(Recorded data Opens)
(* Let $(x,y,s)\in\mathcal{N}(\theta)$ with $\theta\in\left(0,\ \min\left\{\frac{1}{3\sqrt n},\ \frac{1}{4\|QVV^T\|_F+1}\right\}\right)$, and let $\mu=x^Ts/n$, $\omega=\max_i\{x_i,s_i\}$ and $M=[\,SV+XQV\ \ -XA^T\,]$. Then the condition number of $M$ satisfies $$\kappa_M=\mathcal{O}\left(\frac{\omega^2+\mu\,\sigma_{\max}(Q)}{\mu}\,\kappa_{VAQ}\right),$$ where $\kappa_{VAQ}$ is the condition number of the matrix $\begin{bmatrix}V^T&0\\0&A\end{bmatrix}\begin{bmatrix}I&-Q\\0&I\end{bmatrix}$.
   Context: Given $b\in\mathbb{R}^m$, $c\in\mathbb{R}^n$, $A\in\mathbb{R}^{m\times n}$ with $\mathrm{rank}(A)=m\le n$ and symmetric positive semidefinite $Q\in\mathbb{R}^{n\times n}$ (data of the LCQO problem $\min c^Tx+\frac12x^TQx$ s.t. $Ax=b$, $x\ge0$, with dual constraints $A^Ty+s-Qx=c$, $s\ge0$). Partition $A=[A_B\ \ A_N]$ with $A_B$ a nonsingular $m\times m$ basis and set $V=\begin{bmatrix}A_B^{-1}A_N\\-I\end{bmatrix}\in\mathbb{R}^{n\times(n-m)}$, so $AV=0$. $X=\mathrm{diag}(x)$, $S=\mathrm{diag}(s)$, $e$ is the all-ones vector. $\mathcal{PD}^0=\{(x,y,s): Ax=b,\ A^Ty+s-Qx=c,\ x>0,\ s>0\}$ and $\mathcal{N}(\theta)=\{(x,y,s)\in\mathcal{PD}^0:\|XSe-\mu e\|_2\le\theta\mu\}$ with $\mu=x^Ts/n$. Condition number means ratio of largest to smallest singular value; $\sigma_{\max}(Q)$ is the largest singular value of $Q$. The $\mathcal{O}$ hides an absolute constant. *)

From HB Require Import structures.
From mathcomp Require Import all_boot all_order all_algebra.
From mathcomp Require Import classical_sets reals.
Set Implicit Arguments. Unset Strict Implicit. Unset Printing Implicit Defensive.
Import Order.TTheory GRing.Theory Num.Theory.
Local Open Scope ring_scope.
Local Open Scope classical_set_scope.

Section Defs.
Variable R : realType.

Definition vnorm (p : nat) (v : 'cV[R]_p) : R :=
  Num.sqrt (\sum_(i < p) v i 0 ^+ 2).

Definition frob (p q : nat) (B : 'M[R]_(p, q)) : R :=
  Num.sqrt (\sum_(i < p) \sum_(j < q) B i j ^+ 2).

Definition sigma_max (p q : nat) (B : 'M[R]_(p, q)) : R :=
  sup [set r | exists v : 'cV[R]_q, vnorm v = 1 /\ r = vnorm (B *m v)].

(* Smallest singular value, i.e. the min(p,q)-th singular value
   (Courant-Fischer: min over unit vectors of |Bv| if p >= q, of |B^T y| otherwise) *)
Definition sigma_min (p q : nat) (B : 'M[R]_(p, q)) : R :=
  if (q <= p)%N then
    inf [set r | exists v : 'cV[R]_q, vnorm v = 1 /\ r = vnorm (B *m v)]
  else
    inf [set r | exists y : 'cV[R]_p, vnorm y = 1 /\ r = vnorm (B^T *m y)].

Definition cond (p q : nat) (B : 'M[R]_(p, q)) : R := sigma_max B / sigma_min B.

Definition diagv (p : nat) (v : 'cV[R]_p) : 'M[R]_p := diag_mx v^T.

Definition Vmat (m k : nat) (AB : 'M[R]_m) (AN : 'M[R]_(m, k)) : 'M[R]_(m + k, k) :=
  col_mx (invmx AB *m AN) (- 1%:M).

Definition mu_of (p : nat) (x s : 'cV[R]_p) : R := (x^T *m s) 0 0 / p%:R.

Definition omega_of (p : nat) (x s : 'cV[R]_p) : R :=
  \big[Num.max/0]_(i < p) Num.max (x i 0) (s i 0).

Definition in_PD0 (m p : nat) (A : 'M[R]_(m, p)) (b : 'cV[R]_m) (c : 'cV[R]_p)
  (Q : 'M[R]_p) (x : 'cV[R]_p) (y : 'cV[R]_m) (s : 'cV[R]_p) : Prop :=
  A *m x = b /\ A^T *m y + s - Q *m x = c /\
  (forall i, 0 < x i 0) /\ (forall i, 0 < s i 0).

Definition in_N (m p : nat) (A : 'M[R]_(m, p)) (b : 'cV[R]_m) (c : 'cV[R]_p)
  (Q : 'M[R]_p) (theta : R) (x : 'cV[R]_p) (y : 'cV[R]_m) (s : 'cV[R]_p) : Prop :=
  in_PD0 A b c Q x y s /\
  vnorm (diagv x *m diagv s *m const_mx 1 - (mu_of x s) *: const_mx 1)
    <= theta * mu_of x s.

End Defs.

From HB Require Import structures.
From mathcomp Require Import all_boot all_order all_algebra.
From mathcomp Require Import classical_sets reals.
From mathcomp Require Import ring lra zify.
Import Order.TTheory GRing.Theory Num.Theory.
Set Implicit Arguments. Unset Strict Implicit. Unset Printing Implicit Defensive.
Local Open Scope ring_scope.
Local Open Scope classical_set_scope.

(* Write u = (u1, u2), z1 = V u1 and z2 = A^T u2 - Q V u1: then M u = S z1 - X z2, and the
   transpose of the VAQ matrix maps u to (z1, z2).  As A V = 0 and Q is positive
   semidefinite, z1^T z2 = - z1^T Q z1 <= 0.  In N(theta) with theta < 1/3 we have
   x_i s_i >= (2/3) mu and 0 < x_i, s_i <= omega, and a coordinatewise estimate, which uses
   the sign of z1^T z2 for the lower half, gives
     ((2/3) mu / omega) |(z1, z2)| <= |M u| <= 2 omega |(z1, z2)|.
   Comparing extreme singular values yields kappa_M <= 3 (omega^2 / mu) kappa_VAQ. *)

(* Lagrange's identity: the defect in Cauchy-Schwarz is half a sum of squares. *)
Lemma CauchySchwarz_sum (R : realFieldType) (p : nat) (a b : 'I_p -> R) :
  (\sum_i a i * b i) ^+ 2 <= (\sum_i a i ^+ 2) * (\sum_i b i ^+ 2).
Proof.
have lagrange : \sum_i \sum_j (a i * b j - a j * b i) ^+ 2 =
    2 * ((\sum_i a i ^+ 2) * (\sum_i b i ^+ 2) - (\sum_i a i * b i) ^+ 2).
  have expand i j : (a i * b j - a j * b i) ^+ 2 =
      a i ^+ 2 * b j ^+ 2 + b i ^+ 2 * a j ^+ 2 - 2 * (a i * b i) * (a j * b j) by ring.
  under eq_bigr do under eq_bigr do rewrite expand.
  under eq_bigr do rewrite sumrB big_split /= -!mulr_sumr.
  rewrite sumrB big_split /= -!mulr_suml.
  by rewrite -mulr_sumr; ring.
rewrite -subr_ge0 -(pmulr_rge0 _ (ltr0n _ 2)) -lagrange.
by apply: sumr_ge0 => i _; apply: sumr_ge0 => j _; rewrite sqr_ge0.
Qed.

Lemma subr_sqr_ge0 (R : realFieldType) (x om : R) : 0 <= x -> x <= om -> 0 <= om ^+ 2 - x ^+ 2.
Proof. by move=> x_ge0 x_le; rewrite subr_ge0 ler_pXn2r ?nnegrE // (le_trans x_ge0). Qed.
(Recorded data Closes)
Problem to work on ::
Set down all of the lines above without altering a word.

Solution to the exercise ::
(* Let $(x,y,s)\in\mathcal{N}(\theta)$ with $\theta\in\left(0,\ \min\left\{\frac{1}{3\sqrt n},\ \frac{1}{4\|QVV^T\|_F+1}\right\}\right)$, and let $\mu=x^Ts/n$, $\omega=\max_i\{x_i,s_i\}$ and $M=[\,SV+XQV\ \ -XA^T\,]$. Then the condition number of $M$ satisfies $$\kappa_M=\mathcal{O}\left(\frac{\omega^2+\mu\,\sigma_{\max}(Q)}{\mu}\,\kappa_{VAQ}\right),$$ where $\kappa_{VAQ}$ is the condition number of the matrix $\begin{bmatrix}V^T&0\\0&A\end{bmatrix}\begin{bmatrix}I&-Q\\0&I\end{bmatrix}$.
   Context: Given $b\in\mathbb{R}^m$, $c\in\mathbb{R}^n$, $A\in\mathbb{R}^{m\times n}$ with $\mathrm{rank}(A)=m\le n$ and symmetric positive semidefinite $Q\in\mathbb{R}^{n\times n}$ (data of the LCQO problem $\min c^Tx+\frac12x^TQx$ s.t. $Ax=b$, $x\ge0$, with dual constraints $A^Ty+s-Qx=c$, $s\ge0$). Partition $A=[A_B\ \ A_N]$ with $A_B$ a nonsingular $m\times m$ basis and set $V=\begin{bmatrix}A_B^{-1}A_N\\-I\end{bmatrix}\in\mathbb{R}^{n\times(n-m)}$, so $AV=0$. $X=\mathrm{diag}(x)$, $S=\mathrm{diag}(s)$, $e$ is the all-ones vector. $\mathcal{PD}^0=\{(x,y,s): Ax=b,\ A^Ty+s-Qx=c,\ x>0,\ s>0\}$ and $\mathcal{N}(\theta)=\{(x,y,s)\in\mathcal{PD}^0:\|XSe-\mu e\|_2\le\theta\mu\}$ with $\mu=x^Ts/n$. Condition number means ratio of largest to smallest singular value; $\sigma_{\max}(Q)$ is the largest singular value of $Q$. The $\mathcal{O}$ hides an absolute constant. *)

From HB Require Import structures.
From mathcomp Require Import all_boot all_order all_algebra.
From mathcomp Require Import classical_sets reals.
Set Implicit Arguments. Unset Strict Implicit. Unset Printing Implicit Defensive.
Import Order.TTheory GRing.Theory Num.Theory.
Local Open Scope ring_scope.
Local Open Scope classical_set_scope.

Section Defs.
Variable R : realType.

Definition vnorm (p : nat) (v : 'cV[R]_p) : R :=
  Num.sqrt (\sum_(i < p) v i 0 ^+ 2).

Definition frob (p q : nat) (B : 'M[R]_(p, q)) : R :=
  Num.sqrt (\sum_(i < p) \sum_(j < q) B i j ^+ 2).

Definition sigma_max (p q : nat) (B : 'M[R]_(p, q)) : R :=
  sup [set r | exists v : 'cV[R]_q, vnorm v = 1 /\ r = vnorm (B *m v)].

(* Smallest singular value, i.e. the min(p,q)-th singular value
   (Courant-Fischer: min over unit vectors of |Bv| if p >= q, of |B^T y| otherwise) *)
Definition sigma_min (p q : nat) (B : 'M[R]_(p, q)) : R :=
  if (q <= p)%N then
    inf [set r | exists v : 'cV[R]_q, vnorm v = 1 /\ r = vnorm (B *m v)]
  else
    inf [set r | exists y : 'cV[R]_p, vnorm y = 1 /\ r = vnorm (B^T *m y)].

Definition cond (p q : nat) (B : 'M[R]_(p, q)) : R := sigma_max B / sigma_min B.

Definition diagv (p : nat) (v : 'cV[R]_p) : 'M[R]_p := diag_mx v^T.

Definition Vmat (m k : nat) (AB : 'M[R]_m) (AN : 'M[R]_(m, k)) : 'M[R]_(m + k, k) :=
  col_mx (invmx AB *m AN) (- 1%:M).

Definition mu_of (p : nat) (x s : 'cV[R]_p) : R := (x^T *m s) 0 0 / p%:R.

Definition omega_of (p : nat) (x s : 'cV[R]_p) : R :=
  \big[Num.max/0]_(i < p) Num.max (x i 0) (s i 0).

Definition in_PD0 (m p : nat) (A : 'M[R]_(m, p)) (b : 'cV[R]_m) (c : 'cV[R]_p)
  (Q : 'M[R]_p) (x : 'cV[R]_p) (y : 'cV[R]_m) (s : 'cV[R]_p) : Prop :=
  A *m x = b /\ A^T *m y + s - Q *m x = c /\
  (forall i, 0 < x i 0) /\ (forall i, 0 < s i 0).

Definition in_N (m p : nat) (A : 'M[R]_(m, p)) (b : 'cV[R]_m) (c : 'cV[R]_p)
  (Q : 'M[R]_p) (theta : R) (x : 'cV[R]_p) (y : 'cV[R]_m) (s : 'cV[R]_p) : Prop :=
  in_PD0 A b c Q x y s /\
  vnorm (diagv x *m diagv s *m const_mx 1 - (mu_of x s) *: const_mx 1)
    <= theta * mu_of x s.

End Defs.

From HB Require Import structures.
From mathcomp Require Import all_boot all_order all_algebra.
From mathcomp Require Import classical_sets reals.
From mathcomp Require Import ring lra zify.
Import Order.TTheory GRing.Theory Num.Theory.
Set Implicit Arguments. Unset Strict Implicit. Unset Printing Implicit Defensive.
Local Open Scope ring_scope.
Local Open Scope classical_set_scope.

(* Write u = (u1, u2), z1 = V u1 and z2 = A^T u2 - Q V u1: then M u = S z1 - X z2, and the
   transpose of the VAQ matrix maps u to (z1, z2).  As A V = 0 and Q is positive
   semidefinite, z1^T z2 = - z1^T Q z1 <= 0.  In N(theta) with theta < 1/3 we have
   x_i s_i >= (2/3) mu and 0 < x_i, s_i <= omega, and a coordinatewise estimate, which uses
   the sign of z1^T z2 for the lower half, gives
     ((2/3) mu / omega) |(z1, z2)| <= |M u| <= 2 omega |(z1, z2)|.
   Comparing extreme singular values yields kappa_M <= 3 (omega^2 / mu) kappa_VAQ. *)

(* Lagrange's identity: the defect in Cauchy-Schwarz is half a sum of squares. *)
Lemma CauchySchwarz_sum (R : realFieldType) (p : nat) (a b : 'I_p -> R) :
  (\sum_i a i * b i) ^+ 2 <= (\sum_i a i ^+ 2) * (\sum_i b i ^+ 2).
Proof.
have lagrange : \sum_i \sum_j (a i * b j - a j * b i) ^+ 2 =
    2 * ((\sum_i a i ^+ 2) * (\sum_i b i ^+ 2) - (\sum_i a i * b i) ^+ 2).
  have expand i j : (a i * b j - a j * b i) ^+ 2 =
      a i ^+ 2 * b j ^+ 2 + b i ^+ 2 * a j ^+ 2 - 2 * (a i * b i) * (a j * b j) by ring.
  under eq_bigr do under eq_bigr do rewrite expand.
  under eq_bigr do rewrite sumrB big_split /= -!mulr_sumr.
  rewrite sumrB big_split /= -!mulr_suml.
  by rewrite -mulr_sumr; ring.
rewrite -subr_ge0 -(pmulr_rge0 _ (ltr0n _ 2)) -lagrange.
by apply: sumr_ge0 => i _; apply: sumr_ge0 => j _; rewrite sqr_ge0.
Qed.

Lemma subr_sqr_ge0 (R : realFieldType) (x om : R) : 0 <= x -> x <= om -> 0 <= om ^+ 2 - x ^+ 2.
Proof. by move=> x_ge0 x_le; rewrite subr_ge0 ler_pXn2r ?nnegrE // (le_trans x_ge0). Qed.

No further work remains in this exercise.